I've been thinking a lot of about this story, Confounded I mean, and I wanted to do something else with it. I may never finish the prequel but I think I could finish this.


I am Sexta, the sixth arrancar, follower and slave to Lord Aizen. I am nothing to him. He could throw me out just as easily as he keeps me. He is our 'king' and I must follow all orders. I have never, and will never be, his most loyal follower. I am to angry, to violent. But in the end he trusted me with this mission that would so deeply effect everything later.

We won the war. Aizen finally got what he wanted. For now their world was still just that, their's, until he decided to take it. It was a bloody mess, a lot of people died on both sides, but in the end it was one angry, heart-broken scream that ended it. The anger he showed at her death, the one my side killed, was terrible. Even I, the heartless Sexta, felt it in my very core.

It might same strange that the very person who ended it all was the one who first changed his mind about me.
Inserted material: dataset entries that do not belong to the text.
Lemma inl_inr_regular : regular_actions ->
  arens_box xmul (second_adjoint amalg_inl Fa) (second_adjoint amalg_inr Gi) f =
  arens_diamond xmul (second_adjoint amalg_inl Fa) (second_adjoint amalg_inr Gi) f.
Proof.
  intros Hact.
  assert (Hf : forall a i, f (xmul (amalg_inl a) (amalg_inr i)) =
                           g (ba_mul B (theta a) (ideal_incl i))).
  { intros; rewrite amalg_mul_inl_inr, <- g_ext; reflexivity. }
  rewrite (arens_box_second_adjoint_congr _ (ba_mul B) _ _ theta (@ideal_incl B I) _ _ _ g Hf),
    (arens_diamond_second_adjoint_congr _ (ba_mul B) _ _ theta (@ideal_incl B I) _ _ _ g Hf).
  apply (Hact Fa Gi Fa_bid Gi_bid); auto.
Qed.

Lemma inr_inl_regular : regular_actions ->
  arens_box xmul (second_adjoint amalg_inr Fi) (second_adjoint amalg_inl Ga) f =
  arens_diamond xmul (second_adjoint amalg_inr Fi) (second_adjoint amalg_inl Ga) f.
Proof.
  intros Hact.
  assert (Hf : forall i a, f (xmul (amalg_inr i) (amalg_inl a)) =
                           g (ba_mul B (ideal_incl i) (theta a))).
  { intros; rewrite amalg_mul_inr_inl, <- g_ext; reflexivity. }
  rewrite (arens_box_second_adjoint_congr _ (ba_mul B) _ _ (@ideal_incl B I) theta _ _ _ g Hf),
    (arens_diamond_second_adjoint_congr _ (ba_mul B) _ _ (@ideal_incl B I) theta _ _ _ g Hf).
  apply (Hact Ga Fi Ga_bid Fi_bid); auto.
Qed.
End Components.
(* Let $p$ be a prime number and let $x,y,z\in\mathbb{N}$ with $x\le y\le z$ satisfy $\frac{4}{p}=\frac{1}{x}+\frac{1}{y}+\frac{1}{z}$. Then $\gcd(x,p)=1$.
   Context: $\mathbb{N}$ denotes the positive integers. *)

From mathcomp Require Import all_boot all_order all_algebra.

From mathcomp Require Import all_boot all_order all_algebra.
From mathcomp Require Import ring zify.
Import GRing.Theory Num.Theory.

(* Since x is the smallest denominator, 4/p <= 3/x, so 0 < x <= 3p/4 < p and
   the prime p cannot divide x. *)

Lemma egyptian3_natE {R : numFieldType} {n p x y z : nat} :
  0 < p -> 0 < x -> 0 < y -> 0 < z ->
  ((n%:R / p%:R : R) = 1 / x%:R + 1 / y%:R + 1 / z%:R)%R ->
  n * x * y * z = p * (y * z + x * z + x * y).
Proof.
move=> p0 x0 y0 z0 eq_frac; apply/eqP; rewrite -(eqr_nat R) !(natrM, natrD); apply/eqP.
have nz k : 0 < k -> (k%:R : R)%R != 0%R by rewrite pnatr_eq0 -lt0n.
transitivity (n%:R / p%:R * (p%:R * x%:R * y%:R * z%:R) : R)%R.
  by field; rewrite nz.
by rewrite eq_frac; field; rewrite ?nz.
Qed.

Lemma egyptian3_min_le {n p x y z : nat} :
  0 < y -> 0 < z -> x <= y -> y <= z ->
  n * x * y * z = p * (y * z + x * z + x * y) -> n * x <= 3 * p.
Proof.
move=> y0 z0 xy yz eq_prod.
have yz0 : 0 < y * z by rewrite muln_gt0 y0.
rewrite -(leq_pmul2r yz0) !mulnA eq_prod -!mulnA mulnCA leq_mul //.
have le_xz : x * z <= y * z by rewrite leq_mul2r xy orbT.
have le_xy : x * y <= y * z by rewrite mulnC leq_mul2l (leq_trans xy yz) orbT.
lia.
Qed.

Lemma coprime_ltn_prime {p x : nat} : prime p -> 0 < x < p -> coprime x p.
Proof.
move=> pr_p /andP[x0 lt_xp]; rewrite coprime_sym prime_coprime //.
by apply/negP => /(dvdn_leq x0); rewrite leqNgt lt_xp.
Qed.

Theorem lemma2 (p x y z : nat) :
  prime p -> 0 < x -> 0 < y -> 0 < z -> x <= y -> y <= z ->
  ((4%:R / p%:R : rat) = 1 / x%:R + 1 / y%:R + 1 / z%:R)%R ->
  gcdn x p = 1.
Proof.
move=> pr_p x0 y0 z0 xy yz eq_frac.
have p0 := prime_gt0 pr_p.
have le_4x_3p := egyptian3_min_le y0 z0 xy yz (egyptian3_natE p0 x0 y0 z0 eq_frac).
by apply/eqP/coprime_ltn_prime; rewrite // x0 /=; lia.
Qed.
How he accepted me and didn't think that I was deceiving anyone. It was all part of the plan, my Lord's plan. Give the shinigami false hope and than rip it all away from them. I didn't want to, but I had to. That day I became Aizen's spy. That day changed it all, but most of all it changed me.

If it wasn't for this mission I might be dead today. I would have died alone with no one to love me, no one to come home even if I did survive.

In the end it was him, the hero of Soul Society, that changed everything.